Clinical and Translational Science (Jul 2021)

Estimating peptide half‐life in serum from tunable, sequence‐related physicochemical properties

  • Marco Cavaco,
  • Javier Valle,
  • Isabel Flores,
  • David Andreu,
  • Miguel A. R. B. Castanho

DOI
https://doi.org/10.1111/cts.12985
Journal volume & issue
Vol. 14, no. 4
pp. 1349 – 1358

Abstract

Read online

Abstract Proteolytic instability is a critical limitation for peptide‐based products. Although significant efforts are devoted to stabilize sequences against proteases/peptidases in plasma/serum, such approaches tend to be rather empirical, unspecific, time‐consuming, and frequently not cost‐effective.
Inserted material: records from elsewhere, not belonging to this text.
(* Consider $\tau=t$ on Minkowski space $\mathbb{M}^{n+1}=(\mathbb{R}\times\mathbb{R}^n,-dt^2+(dx^1)^2+\dots+(dx^n)^2)$, and write $p=(t_p,p_S)$ with $p_S\in\mathbb{R}^n$. Then: (1) $\hat{d}_t$ is a definite, translation invariant metric on $\mathbb{M}^{n+1}$, with $\hat{d}_t(p,q)=|t(q)-t(p)|$ if $q\in J^+(p)\cup J^-(p)$, and $\hat{d}_t(p,q)=\|q_S-p_S\|$ if $q\notin J^+(p)\cup J^-(p)$, where $\|\cdot\|$ is the Euclidean norm; (2) for all $p,q$: $p\le q \iff \hat{d}_t(p,q)=t(q)-t(p)$; (3) the $\hat{d}_t$-spheres are coordinate cylinders; for example, the null distance sphere of radius $r$ about the origin is $\{(t,x):\max\{|t|,\|x\|\}=r\}$.
   Context: Minkowski space is time-oriented by $\partial_t$. Piecewise smooth curves are future (past) causal if all tangents, including one-sided ones, are future (past) pointing causal vectors; constant curves count as causal. $J^+(p)$ ($J^-(p)$) is the set of points reachable from $p$ by a future (past) causal curve, and $p\le q$ means $q\in J^+(p)$. For a function $\tau$ strictly increasing along future causal curves, a piecewise causal curve $\beta:[a,b]\to M$ has a partition $a=s_0<\dots<s_k=b$ with each restriction a smooth future or past causal curve; its null length is $\hat{L}_\tau(\beta)=\sum_i|\tau(\beta(s_i))-\tau(\beta(s_{i-1}))|$, and $\hat{d}_\tau(p,q)=\inf\{\hat{L}_\tau(\beta):\beta$ piecewise causal from $p$ to $q\}$. *)

From HB Require Import structures.
From mathcomp Require Import all_boot all_order all_algebra.
From mathcomp Require Import all_classical all_reals all_analysis.
Set Implicit Arguments. Unset Strict Implicit. Unset Printing Implicit Defensive.
Import Order.TTheory GRing.Theory Num.Theory.
Local Open Scope classical_set_scope.
Local Open Scope ring_scope.

Section Minkowski.
Variables (R : realType) (n : nat).

Definition pt := (R * 'rV[R]_n)%type.
Definition tcoord (p : pt) : R := p.1.
Definition scoord (p : pt) : 'rV[R]_n := p.2.

(* Euclidean norm on R^n (not the max norm of the library). *)
Definition eucl_norm (v : 'rV[R]_n) : R := Num.sqrt (\sum_(i < n) v 0 i ^+ 2).

Definition padd (p q : pt) : pt := (p.1 + q.1, p.2 + q.2).

Definition mink (v : pt) : R := - v.1 ^+ 2 + \sum_(i < n) v.2 0 i ^+ 2.

(* causal vector: nonzero with g(v,v) <= 0; future (past) pointing w.r.t. d_t:
   g(v, d_t) = - v.1 < 0 (> 0). *)
Definition causal_vec (v : pt) : Prop := mink v <= 0 /\ v <> (0, 0).
Definition future_causal_vec (v : pt) : Prop := causal_vec v /\ 0 < v.1.
Definition past_causal_vec (v : pt) : Prop := causal_vec v /\ v.1 < 0.

Definition smooth_fun (f : R -> R) : Prop :=
  forall (k : nat) (x : R), derivable (derive1n k f) x 1.
Definition tcomp (g : R -> pt) : R -> R := fun s => (g s).1.
Definition scomp (g : R -> pt) (i : 'I_n) : R -> R := fun s => (g s).2 0 i.
Definition smooth_curve (g : R -> pt) : Prop :=
  smooth_fun (tcomp g) /\ forall i, smooth_fun (scomp g i).
Definition tangent (g : R -> pt) (s : R) : pt :=
  (derive1 (tcomp g) s, \row_(i < n) derive1 (scomp g i) s).

Definition const_on (beta : R -> pt) (a b : R) : Prop :=
  forall s, a <= s <= b -> beta s = beta a.

(* beta restricted to [a,b] is smooth (restriction of a smooth curve on R, so
   tangents at a and b are the one-sided tangents) and all its tangents satisfy P *)
Definition smooth_with_tangents (P : pt -> Prop) (beta : R -> pt) (a b : R) : Prop :=
  exists g : R -> pt, smooth_curve g /\ (forall s, a <= s <= b -> g s = beta s) /\
    (forall s, a <= s <= b -> P (tangent g s)).

Definition smooth_future_causal (beta : R -> pt) (a b : R) : Prop :=
  const_on beta a b \/ smooth_with_tangents future_causal_vec beta a b.
Definition smooth_past_causal (beta : R -> pt) (a b : R) : Prop :=
  const_on beta a b \/ smooth_with_tangents past_causal_vec beta a b.

Definition partition (a b : R) (k : nat) (s : nat -> R) : Prop :=
  s 0%N = a /\ s k = b /\ forall i : nat, (i < k)%N -> s i < s i.+1.

Definition future_causal_curve (beta : R -> pt) (a b : R) : Prop :=
  a <= b /\ (const_on beta a b \/
    exists k s, partition a b k s /\ forall i : nat, (i < k)%N ->
      smooth_with_tangents future_causal_vec beta (s i) (s i.+1)).
Definition past_causal_curve (beta : R -> pt) (a b : R) : Prop :=
  a <= b /\ (const_on beta a b \/
    exists k s, partition a b k s /\ forall i : nat, (i < k)%N ->
      smooth_with_tangents past_causal_vec beta (s i) (s i.+1)).

Definition Jplus (p q : pt) : Prop :=
  exists (beta : R -> pt) (a b : R), future_causal_curve beta a b /\ beta a = p /\ beta b = q.
Definition Jminus (p q : pt) : Prop :=
  exists (beta : R -> pt) (a b : R), past_causal_curve beta a b /\ beta a = p /\ beta b = q.

Definition causal_le (p q : pt) : Prop := Jplus p q.

Definition piecewise_causal (beta : R -> pt) (a b : R) (k : nat) (s : nat -> R) : Prop :=
  partition a b k s /\ forall i : nat, (i < k)%N ->
    smooth_future_causal beta (s i) (s i.+1) \/ smooth_past_causal beta (s i) (s i.+1).

Definition null_length (beta : R -> pt) (k : nat) (s : nat -> R) : R :=
  \sum_(i < k) `|tcoord (beta (s i.+1)) - tcoord (beta (s i))|.

Definition nulldist (p q : pt) : R :=
  inf [set L : R | exists (beta : R -> pt) (a b : R) (k : nat) (s : nat -> R),
         piecewise_causal beta a b k s /\ beta a = p /\ beta b = q /\
         L = null_length beta k s].

End Minkowski.

From Pilot Require Import Defs.
From HB Require Import structures.
From mathcomp Require Import all_boot all_order all_algebra.
From mathcomp Require Import all_classical all_reals all_analysis.
From mathcomp Require Import ring lra.
Set Implicit Arguments. Unset Strict Implicit. Unset Printing Implicit Defensive.
Import Order.TTheory GRing.Theory Num.Theory.
Local Open Scope classical_set_scope.
Local Open Scope ring_scope.

(* Along a causal segment the spatial velocity is dominated by the time
   velocity, so for every unit vector u the function u.x - t (future) or
   u.x + t (past) is nonincreasing.  Summing over the segments, every piecewise
   causal curve from p to q has null length at least max(|dt|, ||dx||), where
   (dt, dx) = q - p, and a future causal curve has ||dx|| <= dt.  Conversely
   (dt, dx) splits into two causal vectors whose time components have absolute
   values adding up to max(|dt|, ||dx||), and the broken line along them
   attains the bound.  Hence d_t(p, q) = max(|dt|, ||dx||), and all three
   statements are properties of this cylindrical distance. *)

Section EuclideanSpace.
Variables (R : realType) (n : nat).
Implicit Types (u v w : 'rV[R]_n) (c : R).

Definition dot u w : R := \sum_(i < n) u 0 i * w 0 i.
Definition sqnorm w : R := \sum_(i < n) w 0 i ^+ 2.

Lemma sqnorm_ge0 w : 0 <= sqnorm w.
Proof. by apply: sumr_ge0 => i _; rewrite sqr_ge0. Qed.

Lemma sqnorm_eq0 w : sqnorm w = 0 -> w = 0.
Proof.
move=> /eqP; rewrite psumr_eq0 => [/allP w0|i _]; last by rewrite sqr_ge0.
apply/rowP => i; rewrite mxE; apply/eqP.
by rewrite -sqrf_eq0; apply: (implyP (w0 i (mem_index_enum i))).
Qed.

Lemma sqnorm0 : sqnorm 0 = 0.
Proof. by rewrite /sqnorm big1 // => i _; rewrite mxE expr0n. Qed.

Lemma sqnormN w : sqnorm (- w) = sqnorm w.
Proof. by apply: eq_bigr => i _; rewrite mxE sqrrN. Qed.

Lemma sqnormZ c w : sqnorm (c *: w) = c ^+ 2 * sqnorm w.
Proof. by rewrite /sqnorm mulr_sumr; apply: eq_bigr => i _; rewrite mxE exprMn. Qed.

Lemma sqnormD u w : sqnorm (u + w) = sqnorm u + 2 * dot u w + sqnorm w.
Proof.
rewrite /sqnorm /dot mulr_sumr -!big_split /=.
by apply: eq_bigr => i _; rewrite mxE; ring.
Qed.

Lemma dotmm w : dot w w = sqnorm w.
Proof. by apply: eq_bigr => i _; rewrite expr2. Qed.

Lemma dot0l w : dot 0 w = 0.
Proof. by rewrite /dot big1 // => i _; rewrite mxE mul0r. Qed.

Lemma dot0r u : dot u 0 = 0.
Proof. by rewrite /dot big1 // => i _; rewrite mxE mulr0. Qed.

Lemma dotZl c u w : dot (c *: u) w = c * dot u w.
Proof. by rewrite /dot mulr_sumr; apply: eq_bigr => i _; rewrite mxE mulrA. Qed.

Lemma dotBr u v w : dot u (v - w) = dot u v - dot u w.
Proof. by rewrite /dot -sumrB; apply: eq_bigr => i _; rewrite !mxE mulrBr. Qed.

Lemma cauchy_schwarz u w : dot u w ^+ 2 <= sqnorm u * sqnorm w.
Proof.
have [/sqnorm_eq0 ->|w0] := eqVneq (sqnorm w) 0.
  by rewrite dot0r sqnorm0 expr0n mulr0.
have wpos : 0 < sqnorm w by rewrite lt_def w0 sqnorm_ge0.
have expand (A B : R) : \sum_(i < n) (A * u 0 i - B * w 0 i) ^+ 2 =
    A ^+ 2 * sqnorm u - 2 * A * B * dot u w + B ^+ 2 * sqnorm w.
  rewrite /sqnorm /dot !mulr_sumr -sumrB -big_split /=.
  by apply: eq_bigr => i _; ring.
have : 0 <= \sum_(i < n) (sqnorm w * u 0 i - dot u w * w 0 i) ^+ 2.
  by apply: sumr_ge0 => i _; rewrite sqr_ge0.
have -> : \sum_(i < n) (sqnorm w * u 0 i - dot u w * w 0 i) ^+ 2 =
    sqnorm w * (sqnorm u * sqnorm w - dot u w ^+ 2) by rewrite expand; ring.
by rewrite pmulr_rge0 // subr_ge0.
Qed.

Lemma eucl_norm_ge0 w : 0 <= eucl_norm w.
Proof. exact: sqrtr_ge0. Qed.

Lemma eucl_norm_sqr w : eucl_norm w ^+ 2 = sqnorm w.
Proof. by rewrite sqr_sqrtr // sqnorm_ge0. Qed.

Lemma eucl_norm0 : eucl_norm (0 : 'rV[R]_n) = 0.
Proof. by rewrite /eucl_norm -/(sqnorm 0) sqnorm0 sqrtr0. Qed.

Lemma eucl_norm_eq0 w : eucl_norm w = 0 -> w = 0.
Proof. by move=> w0; apply: sqnorm_eq0; rewrite -eucl_norm_sqr w0 expr0n. Qed.

Lemma eucl_normN w : eucl_norm (- w) = eucl_norm w.
Proof. by rewrite /eucl_norm -!/(sqnorm _) sqnormN. Qed.

Lemma ler_dot_eucl_norm u w : `|dot u w| <= eucl_norm u * eucl_norm w.
Proof.
rewrite -ler_sqr ?nnegrE ?mulr_ge0 ?eucl_norm_ge0 //.
by rewrite real_normK ?num_real // exprMn !eucl_norm_sqr cauchy_schwarz.
Qed.

Lemma ler_eucl_normD u w : eucl_norm (u + w) <= eucl_norm u + eucl_norm w.
Proof.
rewrite -ler_sqr ?nnegrE ?addr_ge0 ?eucl_norm_ge0 //.
rewrite eucl_norm_sqr sqnormD sqrrD !eucl_norm_sqr.
have := le_trans (ler_norm _) (ler_dot_eucl_norm u w); lra.
Qed.

Lemma sqnorm_normalize w : eucl_norm w != 0 -> sqnorm ((eucl_norm w)^-1 *: w) = 1.
Proof. by move=> w0; rewrite sqnormZ -eucl_norm_sqr exprVn mulVf ?expf_neq0. Qed.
A more rational and potentially rewarding alternative is to identify the chemical grounds of susceptibility to enzymatic degradation of peptides so that proteolytic resistance can be tuned by manipulation of key chemical properties. In this regard, we conducted a meta‐analysis of literature published over the last decade reporting experimental data on the lifetimes of peptides exposed to proteolytic conditions. Our initial database contained 579 entries and was curated with regard to amino acid sequence, chemical modification, terminal half‐life (t1/2) or other stability readouts, type of stability assay, and biological application of the study. Although the majority of entries in the database corresponded to (slightly or substantially) modified peptides, we chose to focus on unmodified ones, as we aimed to decipher intrinsic characteristics of peptide proteolytic susceptibility. Specifically, we developed a multivariable regression model to unravel those peptide properties with most impact on proteolytic stability and thus potential t1/2 predicting ability. Model validation was done by two different approaches. First, a library of peptides spanning a large interval of properties that modulate stability was synthesized and their t1/2 in human serum were experimentally determined. Second, the t1/2 of 21 selected peptides approved for clinical use or in clinical trials were recorded and matched with the model‐estimated values. With both approaches, good correlation between experimental and predicted t1/2 data was observed.